Apps that overlap on the rate-aggregator or remit-with-rates angle, useful when a build needs to reconcile across more than one source:

  • Xe Currency & Money Transfers — global mid-market quotes and rate alerts across 130 currencies; useful as a reference rate against the per-institution LATAM detail this app carries.
  • Wise (Conversor de Moneda) — mid-market quotes plus an actual transfer rail; relevant when a build wants both a price and a way to act on it.
  • OANDA Currency Converter — reference rates aggregated from market data contributors; used as a sanity-check feed.
  • Remitly — corridor-specific send-money pricing into DR, MX, CO, PE, GT and others; complements Divisas's local-bank view with a remit-side price.
  • My Currency Converter & Rates — 150+ currency converter on iOS; a thin alternative on the user-side conversion tool.
  • ALL Currency Converter — 171-currency Android converter with rate alerts; equivalent on the alert dimension alone, without the bank-level granularity.
  • TasaReal — DR-only public exchange-rate API with JSON over REST; sits one country deep where Divisas covers seven.
  • Latinometrics — Latin American FX dashboard; helpful for cross-country normalisation when a build wants the regional context.
  • Tipo de cambio de divisas (com.netzfrequenz.android.currencycalculator) — a separate LATAM-leaning rate calculator on Google Play; useful as a structural comparator for the per-country layout.

Questions integrators ask

Which countries and currency pairs does the feed actually carry, and at what granularity?

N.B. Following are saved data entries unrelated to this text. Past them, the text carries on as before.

Lemma dist_sqrt_sqrD_norm_le e s : 0 <= e -> `|Num.sqrt (s ^+ 2 + e ^+ 2) - `|s| | <= e.
Proof.
move=> e0.
have h1 : `|s| <= Num.sqrt (s ^+ 2 + e ^+ 2).
  by rewrite -sqrtr_sqr ler_sqrt ?addr_ge0 ?sqr_ge0 // lerDl sqr_ge0.
have h2 : Num.sqrt (s ^+ 2 + e ^+ 2) <= `|s| + e.
  rewrite -(ger0_norm (addr_ge0 (normr_ge0 s) e0)) -sqrtr_sqr ler_sqrt ?sqr_ge0 //.
  rewrite -(real_normK (num_real s)); have := normr_ge0 s; nra.
rewrite ger0_norm; lra.
Qed.

End RealInequalities.

Section BoundedLipschitz.
Variables (R : realType) (n : nat).
Implicit Types (x y : 'rV[R]_n) (f g u : 'rV[R]_n -> R).

Lemma edist_ge0 x y : 0 <= edist x y.
Proof. exact: sqrtr_ge0. Qed.

Lemma ler_dist_coord_edist x y (i : 'I_n) : `|x ord0 i - y ord0 i| <= edist x y.
Proof.
rewrite /edist -sqrtr_sqr ler_sqrt; last by apply: sumr_ge0 => j _; exact: sqr_ge0.
by rewrite (bigD1 i) //= lerDl; apply: sumr_ge0 => j _; exact: sqr_ge0.
Qed.

Lemma edist_le_sum_dist_coord x y : edist x y <= \sum_(i < n) `|x ord0 i - y ord0 i|.
Proof.
have S0 : 0 <= \sum_(i < n) `|x ord0 i - y ord0 i| by apply: sumr_ge0.
rewrite /edist -(ger0_norm S0) -sqrtr_sqr ler_sqrt ?sqr_ge0 //.
exact: sum_sqr_le_sqr_sum_norm.
Qed.

Lemma lipschitz_with_le (L C : R) f : L <= C -> lipschitz_with L f -> lipschitz_with C f.
Proof.
move=> LC Hf x y; apply: le_trans (Hf x y) _.
by apply: ler_wpM2r => //; exact: edist_ge0.
Qed.

Lemma Lipb_cst (c : R) : Lipb (fun _ : 'rV[R]_n => c).
Proof.
split; first by exists `|c|.
by exists 0 => x y; rewrite subrr normr0 mul0r.
Qed.

Lemma Lipb_lin (a b : R) f g : Lipb f -> Lipb g -> Lipb (fun x => a * f x + b * g x).
Proof.
move=> [[Cf Hf] [Lf Hlf]] [[Cg Hg] [Lg Hlg]]; split.
  exists (`|a| * Cf + `|b| * Cg) => x.
  apply: le_trans (ler_normD _ _) _; rewrite !normrM.
  by apply: lerD; apply: ler_wpM2l.
exists (`|a| * Lf + `|b| * Lg) => x y.
have -> : a * f x + b * g x - (a * f y + b * g y) = a * (f x - f y) + b * (g x - g y) by ring.
apply: le_trans (ler_normD _ _) _; rewrite !normrM mulrDl -!mulrA.
by apply: lerD; apply: ler_wpM2l.
Qed.

Lemma Lipb_mul f g : Lipb f -> Lipb g -> Lipb (fun x => f x * g x).
Proof.
move=> [[Cf Hf] [Lf Hlf]] [[Cg Hg] [Lg Hlg]]; split.
  by exists (Cf * Cg) => x; rewrite normrM; apply: ler_pM.
exists (Cf * Lg + Cg * Lf) => x y.
have -> : f x * g x - f y * g y = f x * (g x - g y) + g y * (f x - f y) by ring.
apply: le_trans (ler_normD _ _) _; rewrite !normrM mulrDl -!mulrA.
by apply: lerD; apply: ler_pM.
Qed.

Lemma Lipb_comp (phi : R -> R) u :
  (forall s t, `|phi s - phi t| <= `|s - t|) -> Lipb u -> Lipb (fun x => phi (u x)).
Proof.
move=> Hphi [[Cu Hu] [Lu Hlu]]; split.
  exists (`|phi 0| + Cu) => x.
  have -> : phi (u x) = phi 0 + (phi (u x) - phi 0) by ring.
  apply: le_trans (ler_normD _ _) _; apply: lerD => //.
  by apply: le_trans (Hphi _ _) _; rewrite subr0.
by exists Lu => x y; exact: le_trans (Hphi _ _) (Hlu x y).
Qed.
Lemma dlim_of_zero_on f t l a b : a < b -> a <= t <= b ->
  (forall s, a <= s <= b -> f s = 0) -> derivable_pt_lim f t l -> l = 0.
Proof.
  intros Hab Ht Hz Hd.
  destruct (Rtotal_order l 0) as [Hneg | [| Hpos]]; [exfalso | assumption | exfalso].
  - apply (dlim_pos_not_const (fun s => - f s) t (- l) a b); try lra.
    + intros s Hs. rewrite Hz; [ring | exact Hs].
    + now apply dlim_opp.
  - exact (dlim_pos_not_const f t l a b Hab Ht Hz Hd Hpos).
Qed.

(* Leaving the axis upwards, [q2] must come back down at its first
   return, where the sign condition forces [q1 < 0]. *)
Lemma returns_on_negative_axis q1 q2 p2 tA tB : tA < tB ->
  (forall t, tA <= t <= tB -> derivable_pt_lim q2 t (p2 t)) ->
  (forall t, tA <= t <= tB -> q2 t = 0 -> 0 < q1 t * p2 t) ->
  q2 tA = 0 -> q2 tB = 0 -> 0 < p2 tA ->
  exists t1, tA <= t1 <= tB /\ q2 t1 = 0 /\ q1 t1 < 0.
Proof.
  intros Hab Hd Hsign HA HB Hp.
  destruct (dlim_pos_incr_near q2 tA (p2 tA) (Hd tA ltac:(lra)) Hp) as [d [Hd0 [Hright _]]].
  set (h := Rmin (d / 2) ((tB - tA) / 2)).
  assert (h <= d / 2) by apply Rmin_l. assert (h <= (tB - tA) / 2) by apply Rmin_r.
  assert (0 < h) by (apply Rmin_pos; lra).
  assert (Hh : 0 < q2 (tA + h)) by (specialize (Hright h ltac:(lra)); lra).
  destruct (first_zero q2 (tA + h) tB) as [c [Hc [Hc0 Hbefore]]]; [lra | | exact Hh | lra |].
  { intros t Ht. exact (dlim_continuity_pt _ _ _ (Hd t ltac:(lra))). }
  exists c. split; [lra | split; [exact Hc0|]].
  specialize (Hsign c ltac:(lra) Hc0).
  destruct (Rle_lt_dec (p2 c) 0) as [Hp2 | Hp2]; [nra | exfalso].
  destruct (dlim_pos_incr_near q2 c (p2 c) (Hd c ltac:(lra)) Hp2) as [d' [Hd' [_ Hleft]]].
  set (k := Rmin (d' / 2) ((c - (tA + h)) / 2)).
  assert (k <= d' / 2) by apply Rmin_l. assert (k <= (c - (tA + h)) / 2) by apply Rmin_r.
  assert (0 < k) by (apply Rmin_pos; lra).
  specialize (Hleft (- k) ltac:(lra)). specialize (Hbefore (c + - k) ltac:(lra)). lra.
Qed.

Lemma origin_in_hull_of_axis_points (S : R -> R -> Prop) a b :
  S a 0 -> S b 0 -> b < 0 < a -> in_conv_hull S 0 0.
Proof.
  intros Ha Hb Hab.
  exists 1%nat, (fun i => match i with O => a | _ => b end), (fun _ => 0),
    (fun i => match i with O => - b / (a - b) | _ => a / (a - b) end).
  split; [|split; [|split]]; [| simpl; field; lra | simpl; field; lra | simpl; ring].
  intros i Hi. destruct i as [|[|i]]; [| |lia]; (split; [assumption|]);
    apply Rmult_le_pos; try lra; left; apply Rinv_0_lt_compat; lra.
Qed.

Per its Play Store listing, the app covers seven markets — Dominican Republic, Mexico, Colombia, Peru, Costa Rica, Guatemala, Nicaragua — and five quote currencies: USD, EUR, CHF, GBP, CAD. Each quote is split into a buy side and a sell side at the institution level, not collapsed to a midpoint. The integration preserves that split through to delivery, so a downstream consumer can see exactly what a customer saw on screen.

How fresh are the rates, and how does the sync cope with banks that batch their publication daily?

Freshness varies per source. BCRD batches its peso-dollar fixings on a daily cadence; Banxico's SIE publishes intraday windows; commercial banks within each country update on their own opaque schedules. We model each source separately during onboarding and run the ingestion as a per-source poll with backoff, not a global tick — so a slow source does not stall fresh quotes from a faster one in the same delivery.

Can the rate-alert webhook be pointed at our existing notification stack, or do you ship one?

Both options work. The default delivery is an HTTPS POST with the alert rule, the triggering quote and a per-rule trace id, to whichever endpoint you provide. If there is no internal endpoint to receive it, we ship a small Node.js or Python receiver as part of the source delivery.

What happens to the integration when a country's central bank changes its rate-publication endpoint?

Each per-country source sits behind a thin adapter layer so a change to BCRD or Banxico is one file, not a rewrite. The contract on the consumer side (the JSON shape and the webhook payload) does not move. The test harness includes recorded fixtures per source so a broken upstream shows up before delivery, not in production.

App profile (factual recap)

Divisas - Tasas de Cambio is a Latin American foreign-exchange rate aggregator published under the package id com.misdivisas.divisas. Per the publisher's Play Store listing, it shows real-time buy and sell rates from major banks and financial institutions across seven countries — Dominican Republic, Mexico, Colombia, Peru, Costa Rica, Guatemala and Nicaragua — and supports USD, EUR, CHF, GBP and CAD quote currencies. The app provides a built-in calculator for conversions, a favourites list (e.g. Banco Popular, Banco Reservas), per-bank and per-country rate alerts on either threshold or percentage moves, change history and trend views, light/dark mode and Spanish/English interfaces. It is positioned at remittance senders, travellers and businesses needing comparable inter-institution rates.

Engineering notes reviewed 2026-06-03.